Cingapura: Um político filipino acusado de ser o mentor da mortal guerra às drogas no país ficou escondido no Senado por quase dois dias depois de correr pelo prédio para escapar dos investigadores que tentavam transportá-lo para Haia.
Notáveis imagens de CCTV mostram o senador Ronald Dela Rosa, 64, e sua comitiva correndo pelos corredores do Parlamento e tropeçando nas escadas de incêndio em uma aparente tentativa de escapar do National Bureau of Investigation (NBI).

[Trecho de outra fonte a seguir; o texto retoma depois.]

Lemma locally_nonzero (f : R -> R) (x : R) :
  continuous f x -> f x <> 0 -> locally x (fun y => f y <> 0).
Proof.
  intros Hc Hx.
  assert (Hpos : 0 < Rabs (f x)) by (apply Rabs_pos_lt, Hx).
  apply (filter_imp (fun y => Rabs (f y - f x) < Rabs (f x))).
  - intros y Hy Hy0. rewrite Hy0, Rminus_0_l, Rabs_Ropp in Hy. lra.
  - exact (proj1 (filterlim_locally _ _) Hc (mkposreal _ Hpos)).
Qed.

Lemma is_derive_logderiv f x : isC2 f -> f x <> 0 ->
  is_derive (logderiv f) x
    ((Derive (Derive f) x * f x - Derive f x * Derive f x) / f x ^ 2).
Proof.
  intros [Hd [Hdd _]] Hx.
  apply is_derive_div; [apply Derive_correct, Hdd | apply Derive_correct, Hd | exact Hx].
Qed.

Lemma continuous_Derive_logderiv f x : isC2 f -> f x <> 0 ->
  continuous (Derive (logderiv f)) x.
Proof.
  intros Hf Hx.
  assert (Hc0 : continuity_pt f x)
    by apply continuity_pt_filterlim, isC1_continuous, isC1_of_isC2, Hf.
  assert (Hc1 : continuity_pt (Derive f) x)
    by apply continuity_pt_filterlim, (isC1_of_isC2 f Hf).
  assert (Hc2 : continuity_pt (Derive (Derive f)) x)
    by apply continuity_pt_filterlim, Hf.
  apply continuous_ext_loc with
    (fun y => (Derive (Derive f) y * f y - Derive f y * Derive f y) / f y ^ 2).
  - apply (filter_imp (fun y => f y <> 0)).
    + intros y Hy. symmetry. apply is_derive_unique, is_derive_logderiv; assumption.
    + apply locally_nonzero; [apply continuity_pt_filterlim, Hc0 | exact Hx].
  - apply continuity_pt_filterlim, continuity_pt_div.
    + apply continuity_pt_minus; apply continuity_pt_mult; assumption.
    + apply continuity_pt_mult; [exact Hc0|].
      apply continuity_pt_mult; [exact Hc0 | apply continuity_pt_const; intros ? ?; reflexivity].
    + apply pow_nonzero, Hx.
Qed.

Lemma is_derive_comp_logderiv G f x : isC1 G -> isC2 f -> f x <> 0 ->
  is_derive (fun y => G (logderiv f y)) x (integrand G f x).
Proof.
  intros [HG _] Hf Hx.
  replace (integrand G f x) with (Derive (logderiv f) x * Derive G (logderiv f x))
    by (unfold integrand, logderiv; ring).
  apply (@is_derive_comp R_AbsRing R_NormedModule G (logderiv f) x); [apply Derive_correct, HG|].
  apply Derive_correct. eexists. apply is_derive_logderiv; assumption.
Qed.

Lemma continuous_integrand G f x : isC1 G -> isC2 f -> f x <> 0 ->
  continuous (integrand G f) x.
Proof.
  intros [_ HG] Hf Hx.
  apply (continuous_mult (fun y => Derive G (logderiv f y)) (Derive (logderiv f))).
  - apply continuous_comp; [|apply HG].
    apply (ex_derive_continuous (logderiv f)). eexists. apply is_derive_logderiv; assumption.
  - apply continuous_Derive_logderiv; assumption.
Qed.

Lemma Derive_periodic f x : periodic2pi f -> Derive f (x + 2 * PI) = Derive f x.
Proof.
  intros Hper. unfold Derive. f_equal. apply Lim_ext. intros h.
  replace (x + 2 * PI + h) with (x + h + 2 * PI) by ring. rewrite !Hper. reflexivity.
Qed.

Lemma is_RInt_integrand_period G f : isC1 G -> isC2 f -> periodic2pi f ->
  (forall x, 0 <= x <= 2 * PI -> f x <> 0) -> is_RInt (integrand G f) 0 (2 * PI) 0.
Proof.
  intros HG Hf Hper Hnz. pose proof PI_RGT_0.
  assert (Hftc := is_RInt_derive (fun y => G (logderiv f y)) (integrand G f) 0 (2 * PI)).
  rewrite Rmin_left, Rmax_right in Hftc by lra.
  assert (Hh : logderiv f (2 * PI) = logderiv f 0).
  { unfold logderiv. rewrite <- (Rplus_0_l (2 * PI)), Derive_periodic, Hper by exact Hper.
    reflexivity. }
  rewrite Hh, minus_eq_zero in Hftc.
  apply Hftc; intros x Hx.
  - apply is_derive_comp_logderiv; auto.
  - apply continuous_integrand; auto.
Qed.

Lemma ratio_gt_half p q c : c <> 0 ->
  Rabs (p - c) < Rabs c / 3 -> Rabs (q - c) < Rabs c / 3 -> 1 / 2 < p / q.
Proof.
  intros Hc Hp Hq.
  apply Rabs_def2 in Hp. apply Rabs_def2 in Hq.
  destruct (Rlt_or_le 0 c) as [Hpos|Hneg].
  - rewrite Rabs_right in Hp, Hq by lra.
    apply Rmult_lt_reg_r with q; [lra|].
    replace (p / q * q) with p by (field; lra). lra.
  - rewrite Rabs_left in Hp, Hq by lra.
    apply Rmult_lt_reg_r with (- q); [lra|].
    replace (p / q * - q) with (- p) by (field; lra). lra.
Qed.

Lemma logderiv_near_simple_zero f z : isC1 f -> f z = 0 -> Derive f z <> 0 ->
  exists eps, 0 < eps /\
    forall x, 0 < Rabs (x - z) < eps -> 1 / 2 < logderiv f x * (x - z).
Proof.
  intros Hf Hz Hdz.
  assert (He : 0 < Rabs (Derive f z) / 3) by (apply Rabs_pos_lt in Hdz; lra).
  destruct (proj1 (filterlim_locally _ _) (proj2 Hf z) (mkposreal _ He)) as [d Hd].
  exists d. split; [apply cond_pos|]. intros x [Hxz Hxd].
  (* f x = f' xi * (x - z), so logderiv f x * (x - z) = f' x / f' xi: a ratio of two
     values of f' close to f' z. *)
  destruct (MVT_gen f z x (Derive f)) as [xi [Hxi Hmvt]].
  { intros t _. apply Derive_correct, Hf. }
  { intros t _. apply continuity_pt_filterlim, isC1_continuous, Hf. }
  rewrite Hz, Rminus_0_r in Hmvt.
  assert (Hx : Rabs (Derive f x - Derive f z) < Rabs (Derive f z) / 3) by exact (Hd x Hxd).
  assert (Hxi' : Rabs (Derive f xi - Derive f z) < Rabs (Derive f z) / 3).
  { apply Hd. change (Rabs (xi - z) < d). apply Rabs_def2 in Hxd.
    unfold Rmin, Rmax in Hxi. destruct (Rle_dec z x); apply Rabs_def1; lra. }
  assert (Hx0 : x - z <> 0) by (intros E; rewrite E, Rabs_R0 in Hxz; lra).
  unfold logderiv. rewrite Hmvt.
  replace (Derive f x / (Derive f xi * (x - z)) * (x - z)) with (Derive f x / Derive f xi).
  - exact (ratio_gt_half _ _ _ Hdz Hx Hxi').
  - field. split; [exact Hx0|].
    intros E. rewrite E, Rminus_0_l, Rabs_Ropp in Hxi'. lra.
Qed.

Lemma gt_of_half_lt_mul u t M :
  0 < t -> t * (2 * (Rabs M + 1)) < 1 -> 1 / 2 < u * t -> M < u.
Proof. intros Ht Hsmall Hut. pose proof (Rle_abs M). nra. Qed.

Lemma pole_limits (h : R -> R) z eps : 0 < eps ->
  (forall x, 0 < Rabs (x - z) < eps -> 1 / 2 < h x * (x - z)) ->
  filterlim h (at_right z) (Rbar_locally p_infty) /\
  filterlim h (at_left z) (Rbar_locally m_infty).
Proof.
  intros Heps Hh.
  assert (Hnear : forall M, exists delta : posreal, forall x, Rabs (x - z) < delta ->
            (z < x -> M < h x) /\ (x < z -> h x < M)).
  { intros M. set (K := 2 * (Rabs M + 1)).
    assert (HK : 0 < K) by (pose proof (Rabs_pos M); unfold K; lra).
    assert (Hd : 0 < Rmin eps (/ K)) by (apply Rmin_pos; [lra | apply Rinv_0_lt_compat, HK]).
    exists (mkposreal _ Hd). simpl. intros x Hx.
    assert (Hsmall : Rabs (x - z) * K < 1).
    { rewrite <- (Rinv_l K) by lra. apply Rmult_lt_compat_r; [exact HK|].
      eapply Rlt_le_trans; [exact Hx | apply Rmin_r]. }
    assert (Hxe : Rabs (x - z) < eps) by (eapply Rlt_le_trans; [exact Hx | apply Rmin_l]).
    split; intros Hxz.
    - rewrite Rabs_right in Hsmall, Hxe by lra.
      apply (gt_of_half_lt_mul _ (x - z)); [lra | exact Hsmall|].
      apply Hh. rewrite Rabs_right by lra. lra.
    - rewrite Rabs_left in Hsmall, Hxe by lra.
      apply Ropp_lt_cancel, (gt_of_half_lt_mul _ (z - x)); [lra | |].
      + rewrite Rabs_Ropp. fold K. lra.
      + replace (- h x * (z - x)) with (h x * (x - z)) by ring.
        apply Hh. rewrite Rabs_left by lra. lra. }
  split; intros P [M HM]; destruct (Hnear M) as [delta Hdelta];
    exists delta; intros x Hx Hxz; apply HM, Hdelta; auto.
Qed.

Lemma logderiv_pole f z : isC1 f -> f z = 0 -> Derive f z <> 0 ->
  filterlim (logderiv f) (at_right z) (Rbar_locally p_infty) /\
  filterlim (logderiv f) (at_left z) (Rbar_locally m_infty).
Proof.
  intros Hf Hz Hdz.
  destruct (logderiv_near_simple_zero f z Hf Hz Hdz) as [eps [Heps Hbound]].
  exact (pole_limits _ _ _ Heps Hbound).
Qed.

Lemma filter_prod_arc a b (Q : R -> Prop) : a < b -> (forall x, a < x < b -> Q x) ->
  filter_prod (at_right a) (at_left b)
    (fun uv => forall x, Rmin (fst uv) (snd uv) <= x <= Rmax (fst uv) (snd uv) -> Q x).
Proof.
  intros Hab HQ. set (m := (a + b) / 2).
  assert (Hr : 0 < (b - a) / 2) by lra.
  apply Filter_prod with (fun u => a < u < m) (fun v => m < v < b).
  - exists (mkposreal _ Hr). intros u Hu Hau.
    change (Rabs (u - a) < (b - a) / 2) in Hu. apply Rabs_def2 in Hu. unfold m. lra.
  - exists (mkposreal _ Hr). intros v Hv Hvb.
    change (Rabs (v - b) < (b - a) / 2) in Hv. apply Rabs_def2 in Hv. unfold m. lra.
  - intros u v Hu Hv x Hx. simpl in Hx.
    rewrite Rmin_left, Rmax_right in Hx by lra.
    apply HQ. lra.
Qed.

Lemma is_RInt_gen_integrand_arc G f a b :
  isC1 G -> is_lim G m_infty (-1) -> is_lim G p_infty 1 -> isC2 f ->
  a < b -> f a = 0 -> f b = 0 -> Derive f a <> 0 -> Derive f b <> 0 ->
  (forall x, a < x < b -> f x <> 0) ->
  is_RInt_gen (integrand G f) (at_right a) (at_left b) (-2).
Proof.
  intros HG Hm Hp Hf Hab Ha Hb Hda Hdb Hnz.
  set (Phi := fun y => G (logderiv f y)).
  assert (HPhi : forall x, a < x < b -> is_derive Phi x (integrand G f x))
    by (intros x Hx; apply is_derive_comp_logderiv, Hnz; assumption).
  apply (is_RInt_gen_ext (Derive Phi)).
  { eapply filter_imp; [|exact (filter_prod_arc _ _ _ Hab HPhi)].
    intros [u v] Hder x Hx. apply is_derive_unique, Hder. simpl in *. lra. }
  replace (-2) with (-1 - 1) by ring.
  apply is_RInt_gen_Derive.
  - eapply filter_imp; [|exact (filter_prod_arc _ _ _ Hab HPhi)].
    intros uv Hder x Hx. eexists. exact (Hder x Hx).
  - apply filter_prod_arc; [exact Hab|]. intros x Hx.
    apply continuous_ext_loc with (integrand G f).
    + apply (filter_imp (fun y => f y <> 0)).
      * intros y Hy. symmetry. apply is_derive_unique, is_derive_comp_logderiv; assumption.
      * apply locally_nonzero, Hnz, Hx. apply isC1_continuous, isC1_of_isC2, Hf.
    + apply continuous_integrand, Hnz, Hx; assumption.
  - apply filterlim_comp with (1 := proj1 (logderiv_pole f a (isC1_of_isC2 f Hf) Ha Hda)).
    exact Hp.
  - apply filterlim_comp with (1 := proj2 (logderiv_pole f b (isC1_of_isC2 f Hf) Hb Hdb)).
    exact Hm.
Qed.

Lemma nondegenerate_zero_bound f : nondegenerate f ->
  exists c, 0 < c /\ forall z, f z = 0 -> c <= Rabs (Derive f z).
Proof.
  intros [c [Hc Heta]]. exists c. split; [exact Hc|]. intros z Hz.
  specialize (Heta z). unfold eta in Heta. rewrite Hz in Heta.
  replace (0 ^ 2 + Derive f z ^ 2) with (Rsqr (Derive f z)) in Heta by (unfold Rsqr; ring).
  rewrite sqrt_Rsqr_abs in Heta. exact Heta.
Qed.

Definition separated (P : R -> Prop) (d : R) : Prop :=
  forall x y, P x -> P y -> Rabs (x - y) < d -> x = y.

Lemma zeros_separated f c a b : isC1 f -> 0 < c ->
  (forall z, f z = 0 -> c <= Rabs (Derive f z)) ->
  exists d, 0 < d /\ separated (fun x => a <= x <= b /\ f x = 0) d.
Proof.
  intros Hf Hc Hbound.
  assert (Hc2 : 0 < c / 2) by lra.
  destruct (Heine (Derive f) (fun t => a <= t <= b) (compact_P3 a b)
              (fun t _ => proj2 (continuity_pt_filterlim _ _) (proj2 Hf t))
              (mkposreal _ Hc2)) as [d Hd].
  exists d. split; [apply cond_pos|].
  (* By Rolle, zeros x < y closer than d give a zero of f' within d of x, contradicting
     |f' x| >= c and the uniform continuity of f'. *)
  assert (Hlt : forall x y, a <= x <= b -> a <= y <= b -> f x = 0 -> f y = 0 ->
                  Rabs (x - y) < d -> ~ x < y).
  { intros x y Hx Hy Fx Fy Hxy Hlt.
    destruct (MVT_gen f x y (Derive f)) as [xi [Hxi Hmvt]].
    { intros t _. apply Derive_correct, Hf. }
    { intros t _. apply continuity_pt_filterlim, isC1_continuous, Hf. }
    rewrite Rmin_left, Rmax_right in Hxi by lra.
    rewrite Fx, Fy, Rminus_0_r in Hmvt.
    assert (Hxi0 : Derive f xi = 0)
      by (apply (Rmult_eq_reg_r (y - x)); lra).
    assert (Hclose : Rabs (Derive f x - Derive f xi) < c / 2).
    { apply Hd; try lra. apply Rabs_def2 in Hxy. apply Rabs_def1; lra. }
    specialize (Hbound x Fx). rewrite Hxi0, Rminus_0_r in Hclose. lra. }
  intros x y [Hx Fx] [Hy Fy] Hxy.
  destruct (Rtotal_order x y) as [Hxy'|[Heq|Hxy']]; [| exact Heq |].
  - exfalso. exact (Hlt x y Hx Hy Fx Fy Hxy Hxy').
  - exfalso. rewrite Rabs_minus_sym in Hxy. exact (Hlt y x Hy Hx Fy Fx Hxy Hxy').
Qed.
Lemma lines_meetC L M : lines_meet L M = lines_meet M L.
Proof. by rewrite /lines_meet capvC. Qed.

Lemma disjoint_mem0 U V z : lines_disjoint U V -> z \in U -> z \in V -> z = 0.
Proof. by move=> /eqP UV zU zV; apply/eqP; rewrite -memv0 -UV memv_cap zU zV. Qed.

Lemma indep2_disjoint U V p q :
  lines_disjoint U V -> p \in U -> q \in V -> p != 0 -> q != 0 -> indep2 p q.
Proof.
move=> UV pU qV p_neq0 q_neq0 x y pq0.
have xp0 : x *: p = 0.
  apply: (disjoint_mem0 UV); first by rewrite memvZ.
  by rewrite -[x *: p]opprK (addr0_eq pq0) memvN memvZ.
move: pq0; rewrite xp0 add0r => /eqP; rewrite scaler_eq0 (negbTE q_neq0) orbF => /eqP ->.
by move/eqP: xp0; rewrite scaler_eq0 (negbTE p_neq0) orbF => /eqP ->.
Qed.

Lemma extend_line_basis L p :
  is_line L -> p \in L -> p != 0 -> exists q, q \in L /\ indep2 p q.
Proof.
move=> Lline pL p_neq0; have [w0 [w1 [w_indep defL]]] := line_basis Lline.
have outside_line z : z \notin <[p]>%VS -> indep2 p z.
  move=> zp x y pz0; have [y0 | y_neq0] := eqVneq y 0.
    by move: pz0; rewrite y0 scale0r addr0 => /eqP; rewrite scaler_eq0 (negbTE p_neq0) orbF => /eqP.
  case/negP: zp; apply/vlineP; exists (- (x / y)).
  apply: (scalerI y_neq0); rewrite scalerA mulrN mulrC divfK // scaleNr.
  by apply/eqP; rewrite -subr_eq0 opprK addrC pz0.
have [w0p | w0p] := boolP (w0 \in <[p]>%VS); last first.
  by exists w0; split; [rewrite defL memv_span ?inE ?eqxx | exact: outside_line].
have [w1p | w1p] := boolP (w1 \in <[p]>%VS); last first.
  by exists w1; split; [rewrite defL memv_span // !inE eqxx orbT | exact: outside_line].
have /dimvS : (L <= <[p]>)%VS by rewrite defL subv_span2.
by rewrite (eqP Lline) dim_vline p_neq0.
Qed.

Lemma exists_notin U : (\dim U < 4)%N -> exists z, z \notin U.
Proof.
move=> dimU; exists (vpick U^C); apply/negP => pickU.
have : vpick U^C == 0 by rewrite -memv0 -(capv_compl U) memv_cap pickU memv_pick.
by rewrite vpick0 -dimv_eq0 dimv_compl dimvf /= subn_eq0 leqNgt dimU.
Qed.

Lemma det2_eq0_proportional (a b c d : F) :
  (a, b) != (0, 0) -> a * d - c * b = 0 -> exists k, c = k * a /\ d = k * b.
Proof.
rewrite xpair_eqE negb_and => ab0 det0.
have [a0 | a_neq0] := eqVneq a 0.
- rewrite a0 eqxx /= in ab0; exists (d / b); split; last by rewrite divfK.
  move: det0; rewrite a0 mul0r sub0r => /eqP; rewrite oppr_eq0 mulf_eq0 (negbTE ab0) orbF.
  by move=> /eqP ->; rewrite mulr0.
- exists (c / a); split; first by rewrite divfK.
  have ad : a * d = c * b by apply/eqP; rewrite -subr_eq0 det0.
  by rewrite -[d](mulKf a_neq0) ad; ring.
Qed.

End Lines.

Section Frames.
Variable F : fieldType.

Record frame := Frame { fr0 : 'rV[F]_4; fr1 : 'rV[F]_4; fr2 : 'rV[F]_4; fr3 : 'rV[F]_4 }.

Implicit Types (B : frame) (z : 'rV[F]_4) (L M U V : {vspace 'rV[F]_4}).

(* In these
   coordinates the quadric Q_g of g := invmx (frame_mx B) is x0 x3 = x1 x2, and
   frame_ruling1 B, frame_ruling2 B below are its two rulings. *)
Definition frame_mx B : 'M[F]_4 :=
  \matrix_(i < 4) nth 0 [:: fr0 B; fr1 B; fr2 B; fr3 B] i.

Definition frame_pt B (x0 x1 x2 x3 : F) := vec4 x0 x1 x2 x3 *m frame_mx B.

Definition frame_swap B := Frame (fr0 B) (fr2 B) (fr1 B) (fr3 B).

Definition is_frame B := forall x0 x1 x2 x3, frame_pt B x0 x1 x2 x3 = 0 ->
  [/\ x0 = 0, x1 = 0, x2 = 0 & x3 = 0].

Lemma vec4_eta (x : 'rV[F]_4) : x = vec4 (x 0 0) (x 0 1) (x 0 2) (x 0 3).
Proof.
apply/rowP => j; rewrite !mxE.
by case: j => [[|[|[|[|j]]]] j_lt4] //=; congr (x _ _); apply: val_inj.
Qed.

Lemma vec4_lincomb (x y a0 a1 a2 a3 c0 c1 c2 c3 : F) :
  x *: vec4 a0 a1 a2 a3 + y *: vec4 c0 c1 c2 c3 =
  vec4 (x * a0 + y * c0) (x * a1 + y * c1) (x * a2 + y * c2) (x * a3 + y * c3).
Proof. by apply/rowP => -[[|[|[|[|j]]]] j_lt4]; rewrite !mxE. Qed.

Lemma frame_ptE B x0 x1 x2 x3 :
  frame_pt B x0 x1 x2 x3 = x0 *: fr0 B + x1 *: fr1 B + x2 *: fr2 B + x3 *: fr3 B.
Proof.
by rewrite /frame_pt mulmx_sum_row !big_ord_recl big_ord0 !rowK !mxE /= addr0 !addrA.
Qed.

Lemma frame_pt_lincomb B (x y a0 a1 a2 a3 c0 c1 c2 c3 : F) :
  x *: frame_pt B a0 a1 a2 a3 + y *: frame_pt B c0 c1 c2 c3 =
  frame_pt B (x * a0 + y * c0) (x * a1 + y * c1) (x * a2 + y * c2) (x * a3 + y * c3).
Proof. by rewrite /frame_pt !scalemxAl -mulmxDl vec4_lincomb. Qed.

Lemma frame_pt0 B : frame_pt B 0 0 0 0 = 0.
Proof. by rewrite frame_ptE !scale0r !addr0. Qed.

Lemma frame_pt_unit B :
  [/\ frame_pt B 1 0 0 0 = fr0 B, frame_pt B 0 1 0 0 = fr1 B,
      frame_pt B 0 0 1 0 = fr2 B & frame_pt B 0 0 0 1 = fr3 B].
Proof. by split; rewrite frame_ptE !scale0r !scale1r ?addr0 ?add0r. Qed.

Lemma frame_pt_swap B x0 x1 x2 x3 :
  frame_pt (frame_swap B) x0 x1 x2 x3 = frame_pt B x0 x2 x1 x3.
Proof. by rewrite !frame_ptE /=; congr (_ + _); apply: addrAC. Qed.

Lemma frame_swapK : involutive frame_swap.
Proof. by case. Qed.

Lemma is_frame_swap B : is_frame B -> is_frame (frame_swap B).
Proof. by move=> B_frame x0 x1 x2 x3; rewrite frame_pt_swap => /B_frame []. Qed.

Lemma frame_pt_inj B x0 x1 x2 x3 y0 y1 y2 y3 : is_frame B ->
  frame_pt B x0 x1 x2 x3 = frame_pt B y0 y1 y2 y3 ->
  [/\ x0 = y0, x1 = y1, x2 = y2 & x3 = y3].
Proof.
move=> B_frame xy; have := B_frame (x0 - y0) (x1 - y1) (x2 - y2) (x3 - y3).
have -> : frame_pt B (x0 - y0) (x1 - y1) (x2 - y2) (x3 - y3) =
          1 *: frame_pt B x0 x1 x2 x3 + (-1) *: frame_pt B y0 y1 y2 y3.
  by rewrite frame_pt_lincomb; congr frame_pt; ring.
rewrite xy scale1r scaleN1r subrr => /(_ erefl) [] /eqP e0 /eqP e1 /eqP e2 /eqP e3.
by split; apply/eqP; rewrite -subr_eq0.
Qed.

Lemma is_frame_unit B : is_frame B -> frame_mx B \in unitmx.
Proof.
move=> B_frame; rewrite -row_free_unit -kermx_eq0; apply/eqP/row_matrixP => i.
rewrite row0; set x := row i _.
have : x *m frame_mx B = 0 by rewrite /x -row_mul mulmx_ker row0.
rewrite [x]vec4_eta => /B_frame [-> -> -> ->].
by apply/rowP => -[[|[|[|[|j]]]] j_lt4]; rewrite !mxE.
Qed.

Lemma is_frame_of_disjoint U V p0 p1 q0 q1 :
  lines_disjoint U V -> p0 \in U -> p1 \in U -> q0 \in V -> q1 \in V ->
  indep2 p0 p1 -> indep2 q0 q1 -> is_frame (Frame p0 p1 q0 q1).
Proof.
move=> UV p0U p1U q0V q1V p_indep q_indep x0 x1 x2 x3; rewrite frame_ptE /= -addrA => pq0.
have p_part0 : x0 *: p0 + x1 *: p1 = 0.
  apply: (disjoint_mem0 UV); first by rewrite memvD ?memvZ.
  by rewrite -[_ + _]opprK (addr0_eq pq0) memvN memvD ?memvZ.
have q_part0 : x2 *: q0 + x3 *: q1 = 0 by move: pq0; rewrite p_part0 add0r.
by have [-> ->] := p_indep _ _ p_part0; have [-> ->] := q_indep _ _ q_part0.
Qed.

Definition frame_ruling1 B L := exists s t : F, (s, t) != (0, 0) /\
  L = <<[:: frame_pt B s 0 t 0; frame_pt B 0 s 0 t]>>%VS.

Definition frame_ruling2 B L := frame_ruling1 (frame_swap B) L.

Lemma frame_ruling2E B L : frame_ruling2 B L <-> exists u v : F, (u, v) != (0, 0) /\
  L = <<[:: frame_pt B u v 0 0; frame_pt B 0 0 u v]>>%VS.
Proof. by split=> -[u [v [uv0 ->]]]; exists u, v; rewrite ?frame_pt_swap. Qed.

Lemma frame_ruling1_fr01 B L : L = <<[:: fr0 B; fr1 B]>>%VS -> frame_ruling1 B L.
Proof.
exists 1, 0; split; first by rewrite xpair_eqE oner_eq0.
by have [-> -> _ _] := frame_pt_unit B.
Qed.

Lemma frame_ruling1_fr23 B L : L = <<[:: fr2 B; fr3 B]>>%VS -> frame_ruling1 B L.
Proof.
exists 0, 1; split; first by rewrite xpair_eqE oner_eq0 andbF.
by have [_ _ -> ->] := frame_pt_unit B.
Qed.

Lemma mem_frame_ruling1 B s t L z :
  L = <<[:: frame_pt B s 0 t 0; frame_pt B 0 s 0 t]>>%VS -> z \in L ->
  exists a c, z = frame_pt B (a * s) (c * s) (a * t) (c * t).
Proof.
move=> ->; move/mem_span2 => [a [c ->]]; exists a, c.
by rewrite frame_pt_lincomb; congr frame_pt; ring.
Qed.

Lemma indep2_frame_ruling2 B u v : is_frame B -> (u, v) != (0, 0) ->
  indep2 (frame_pt B u v 0 0) (frame_pt B 0 0 u v).
Proof.
move=> B_frame uv0 x y; rewrite frame_pt_lincomb -(frame_pt0 B).
move=> /(frame_pt_inj B_frame); rewrite !mulr0 !addr0 !add0r => -[xu0 xv0 yu0 yv0].
have cancel_uv w : w * u = 0 -> w * v = 0 -> w = 0.
  move=> wu0 wv0; move: uv0; rewrite xpair_eqE negb_and => /orP [] nz; apply/eqP.
  - by move/eqP: wu0; rewrite mulf_eq0 (negbTE nz) orbF.
  - by move/eqP: wv0; rewrite mulf_eq0 (negbTE nz) orbF.
by split; apply: cancel_uv.
Qed.

Lemma frame_ruling1_det_neq0 B s1 t1 s2 t2 :
  is_frame B -> (s1, t1) != (0, 0) -> (s2, t2) != (0, 0) ->
  lines_disjoint <<[:: frame_pt B s1 0 t1 0; frame_pt B 0 s1 0 t1]>>
                 <<[:: frame_pt B s2 0 t2 0; frame_pt B 0 s2 0 t2]>> ->
  s1 * t2 - s2 * t1 != 0.
Proof.
move=> B_frame st1 st2 L12; apply/eqP => /(det2_eq0_proportional st1) [k [ks1 kt1]].
suff : frame_pt B s2 0 t2 0 = frame_pt B 0 0 0 0.
  by move=> /(frame_pt_inj B_frame) [s2_0 _ t2_0 _]; move: st2; rewrite s2_0 t2_0 eqxx.
rewrite frame_pt0; apply: (disjoint_mem0 L12); last by rewrite memv_span ?inE ?eqxx.
by apply/mem_span2; exists k, 0; rewrite frame_pt_lincomb ks1 kt1; congr frame_pt; ring.
Qed.

Definition skew_triple L1 L2 L3 :=
  [/\ lines_disjoint L1 L2, lines_disjoint L1 L3 & lines_disjoint L2 L3].

Lemma segre_det_lincomb (l m s1 t1 a1 c1 s2 t2 a2 c2 : F) :
  (l * (a1 * s1) + m * (a2 * s2)) * (l * (c1 * t1) + m * (c2 * t2))
  - (l * (c1 * s1) + m * (c2 * s2)) * (l * (a1 * t1) + m * (a2 * t2))
  = l * m * ((s1 * t2 - s2 * t1) * (a1 * c2 - a2 * c1)).
Proof. ring. Qed.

A polícia esteve dentro do edifício na tarde de segunda-feira, cumprindo um mandado de detenção recentemente aberto do Tribunal Penal Internacional (TPI), mas não ficou claro se estavam a perseguir ativamente De la Rosa no edifício ou se ele e os funcionários estavam abalados e em pânico.
Independentemente disso, o político em pânico e os seus asseclas encontraram refúgio no Senado, onde rapidamente votou para eleger o seu aliado Alan Peter Cayetano como o novo Presidente do Senado.
Cayetano jurou então que Dela Rosa não seria presa dentro do prédio e isolaria o prédio para impedir a saída dos policiais do NBI, alegando que eles estavam desacatando o tribunal, informou o site de notícias. Rapper.
No entanto, se de la Rosa decidir sair, o NBI poderá persegui-lo novamente, o que significa que ele estará efectivamente a viver sob o asilo do Senado.
De La Rosa permaneceu abrigado lá na quarta-feira, segundo uma pessoa dentro do prédio. Centenas de manifestantes pró e contra-manifestantes e policiais de controle de multidões se reuniram do lado de fora na terça-feira.
O senador, conhecido coloquialmente como “Bato”, que significa “rock” em tagalo, era o chefe de polícia do ex-presidente filipino Rodrigo Duterte, que foi preso em março do ano passado e enviado à Holanda para enfrentar acusações de crimes contra a humanidade em Haia.
Grupos de direitos humanos afirmam que cerca de 30 mil pessoas foram mortas durante o mandato de Duterte como prefeito de Davao e mais tarde como presidente, muitas delas pela polícia. O caso contra ele envolve 76 supostos assassinatos.
A cena no Senado causou espanto nas Filipinas. Houve indignação quando o Tribunal Penal Internacional emitiu secretamente um mandado de prisão para Dela Rosa, um forte aliado de Duterte, em Novembro e tornou-o público. Cobranças do TPI Dela Rosa “cometeu assassinatos contra a humanidade desde pelo menos 3 de julho de 2016 até o final de abril de 2018, durante os quais pelo menos 32 pessoas foram mortas”.
O incidente desenrola-se no meio de uma batalha política mais ampla e igualmente feroz entre os apoiantes da família Duterte e os do actual presidente Ferdinand Marcos Jr.
A candidatura de Dela Rosa ao Senado surgiu no mesmo dia em que a câmara baixa das Filipinas mais uma vez impeachment da vice-presidente Sara Duterte, filha do ex-presidente, alegando que ela utilizou indevidamente fundos públicos e declarou publicamente que havia contratado um empreiteiro para assassinar Marcos Jr.
O julgamento de impeachment da jovem Duterte foi transferido para o Senado Cayetano, que está repleto de apoiadores leais de sua família.
Segunda-feira foi a primeira aparição de dela Rosa perante o Senado desde que autoridades filipinas disseram, meses atrás, que o TPI tinha um mandado de prisão pronto.
“Apelo para (Marcos Jr.) que não me mande para Haia”, Rapper De La Rosa relata Terça-feira.
“Não sabemos se um dia você poderá enfrentar os mesmos obstáculos, senhor presidente. Você saberá e sentirá o que sinto agora.”